What is a Pollinator Pathway

If you are wondering what a Pollinator Pathway is, it is any public and private pesticide-free corridor of native plants that provide nutrition and habitat for pollinating insects and birds.  Even the smallest green spaces, like flower boxes and curb strips, can be part of a pathway. 

 The loss of pollinators is alarmingly high, and in decline primarily due to land development and fragmentation, a lack of native plants due to an increase in invasive plant species, and a lawn culture that requires excessive fertilizers and pesticides which offers no benefit to pollinators and other wildlife. 

 Pollinator species such as bees, birds, butterflies and other pollinating insects are vital to maintaining healthy and diverse ecosystems, and are responsible for the food we eat.  One in every three bites of food we eat is because of pollinators. Without pollinators, we won’t have any food. 

You can help.

Become a part of the Pathway.

Our landscapes have been chopped up or fragmented, through urban and suburban-ization.  The problem is we can no longer support sustainable populations of wildlife in our isolated parks and preserves alone, for more on this please see Dr. Doug Tallamy, University of Delaware Entomologist’s book Bringing Nature Home

Luckily there is a solution.  If we begin to manage our own yard organically and with native plants, we can use them to connect parks and preserves, creating crucial corridors of wildlife.  That is the idea behind the Pollinator Pathway. 

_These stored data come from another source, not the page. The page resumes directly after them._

(* For every Markov chain with positive equilibrium $P^*$ and every probability distribution $P^0$, the velocity vector $\frac{dP}{dt}\big|_{P=P^0}$ given by its Kolmogorov equation is a linear combination with non-negative coefficients of the vectors $\frac{dP}{dt}\big|_{P=P^0}$ of the two-state reversible chains $A_i\rightleftharpoons A_j$ ($i\ne j$) with equilibrium $P^*$, i.e. of the vectors $\bigl(\frac{p^0_j}{p^*_j}-\frac{p^0_i}{p^*_i}\bigr)\gamma^{ji}$, $1\le j<i\le n$. (The coefficients may depend on $P^0$.) Consequently, for every $P^0$ the set of all vectors $\frac{dP}{dt}\big|_{P=P^0}$ over all Markov chains with equilibrium $P^*$ equals the set of such vectors over all chains with detailed balance and equilibrium $P^*$, namely the cone $\mathbf{Q}(P^0,P^* )$.
   Context: Fix $n\ge 2$ and $P^*=(p^*_i)$ with $p^*_i>0$, $\sum_i p^*_i=1$. A Markov chain is given by rate constants $q_{ij}\ge 0$ ($i\ne j$) with Kolmogorov equation $\frac{dp_i}{dt}=\sum_{j\ne i}(q_{ij}p_j-q_{ji}p_i)$; it has equilibrium $P^*$ if $\sum_{j\ne i}q_{ij}p^*_j=\bigl(\sum_{j\ne i}q_{ji}\bigr)p^*_i$ for all $i$. The two-state chain $A_i\rightleftharpoons A_j$ with equilibrium $P^*$ has only nonzero rates $q_{ji}=1/p^*_i$, $q_{ij}=1/p^*_j$. It has detailed balance if $q_{ij}p^*_j=q_{ji}p^*_i$ for all $i\ne j$. For $i\neq j$, $\gamma^{ji}$ is the vector with $\gamma^{ji}_j=-1$, $\gamma^{ji}_i=1$, other coordinates $0$; ${\rm cone}$ denotes non-negative linear combinations; ${\rm sign}$ is the three-valued sign function; $\mathbf{Q}(P,P^* )={\rm cone}\{\gamma^{ji}\,{\rm sign}(\tfrac{p_j}{p^*_j}-\tfrac{p_i}{p^*_i}) : 1\le j<i\le n\}$. *)

From HB Require Import structures.
From mathcomp Require Import all_boot all_order all_algebra.
Set Implicit Arguments. Unset Strict Implicit. Unset Printing Implicit Defensive.
Import Order.TTheory GRing.Theory Num.Theory.
Local Open Scope ring_scope.
Lemma pow_mul_lower_bound j w :
  c * eps * coef (pmul (geom_sum n u v j) X) w - M * A * coef (pmul (ppow n v j) X) w <=
  coef (pmul (ppow n u (S j)) g) w.
Proof.
  set (Q := geom_sum n u v j). set (SD := xsum_pow n D).
  assert (Q_nonneg : coef_le [] Q) by apply (geom_sum_nonneg n u v v_nonneg v_le_u).
  assert (vj_nonneg : coef_le [] (ppow n v j)) by (apply ppow_nonneg, v_nonneg).
  rewrite (pmul_coef_eq_l _ _ _ (geom_sum_spec n u v SD c Pu is_poly_v
    (is_poly_xsum_pow n D) u_split j)).
  rewrite pmul_app_l, coef_app, pmul_scale_l, coef_scale.
  assert (Hpos : eps * coef (pmul Q X) w <= coef (pmul (pmul SD Q) g) w).
  { rewrite (pmul_coef_eq_l _ _ _ (pmul_comm SD Q)), pmul_assoc.
    pose proof (pmul_le_r Q _ _ Q_nonneg polya_mul w) as H.
    rewrite pmul_scale_r, coef_scale in H. exact H. }
  assert (g_ge : coef_le (scale (- M) (xsum_pow n e)) g).
  { intros x. rewrite coef_scale. pose proof (coef_abs_le_xsum_pow n e g x Fg).
    pose proof (Rle_abs (- coef g x)). rewrite Rabs_Ropp in H0. fold M in H. lra. }
  assert (v_le : coef_le v (scale A SD)).
  { intros x. rewrite coef_scale. pose proof (coef_abs_le_xsum_pow n D u x Fu).
    pose proof (v_le_u x). pose proof (Rle_abs (coef u x)). fold A SD in H. lra. }
  assert (Hneg : - (M * (A * coef (pmul (ppow n v j) X) w)) <= coef (pmul (ppow n v (S j)) g) w).
  { pose proof (pmul_le_r _ _ _ (ppow_nonneg n v (S j) v_nonneg) g_ge w) as H.
    rewrite pmul_scale_r, coef_scale in H.
    assert (E : coef (pmul (ppow n v (S j)) (xsum_pow n e)) w =
      coef (pmul (ppow n v j) (pmul v (xsum_pow n e))) w).
    { change (ppow n v (S j)) with (pmul v (ppow n v j)).
      rewrite (pmul_coef_eq_l _ _ _ (pmul_comm v (ppow n v j))), pmul_assoc. auto. }
    pose proof (pmul_le_r _ _ _ vj_nonneg
      (pmul_le_l (xsum_pow n e) _ _ (xsum_pow_nonneg n e) v_le) w) as H'.
    rewrite (pmul_coef_eq_r _ _ _ (pmul_scale_l A SD (xsum_pow n e))),
      pmul_scale_r, coef_scale in H'.
    unfold SD in H'. rewrite <- (pmul_coef_eq_r _ _ _ (xsum_pow_add n D e)) in H'. fold X in H'.
    assert (0 <= M) by (apply lsum_nonneg; intros; apply Rabs_pos).
    rewrite E in H. assert (M * coef (pmul (ppow n v j) (pmul v (xsum_pow n e))) w <=
      M * (A * coef (pmul (ppow n v j) X) w)) by (apply Rmult_le_compat_l; auto).
    lra. }
  assert (c * (eps * coef (pmul Q X) w) <= c * coef (pmul (pmul SD Q) g) w)
    by (apply Rmult_le_compat_l; lra).
  fold Q. lra.
Qed.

Pleasant Valley recently joined the Pollinator Pathway.org with the reading of a proclamation by Supervisor John DelVecchio.   As a Pollinator Pathway Town we will encourage entities, businesses and residents to participate in creating a safe native habitat, wherever possible, for threatened pollinators that will facilitate pollinator connectivity.

 Anyone can join the Pollinator Pathway, it is easy and free.  Just pick a spot in your yard, plant a window box, or some pots with native plants, and they will come; bees, butterflies, hummingbirds and other birds and insects.  Then pull up a comfortable chair and watch and enjoy nature around you.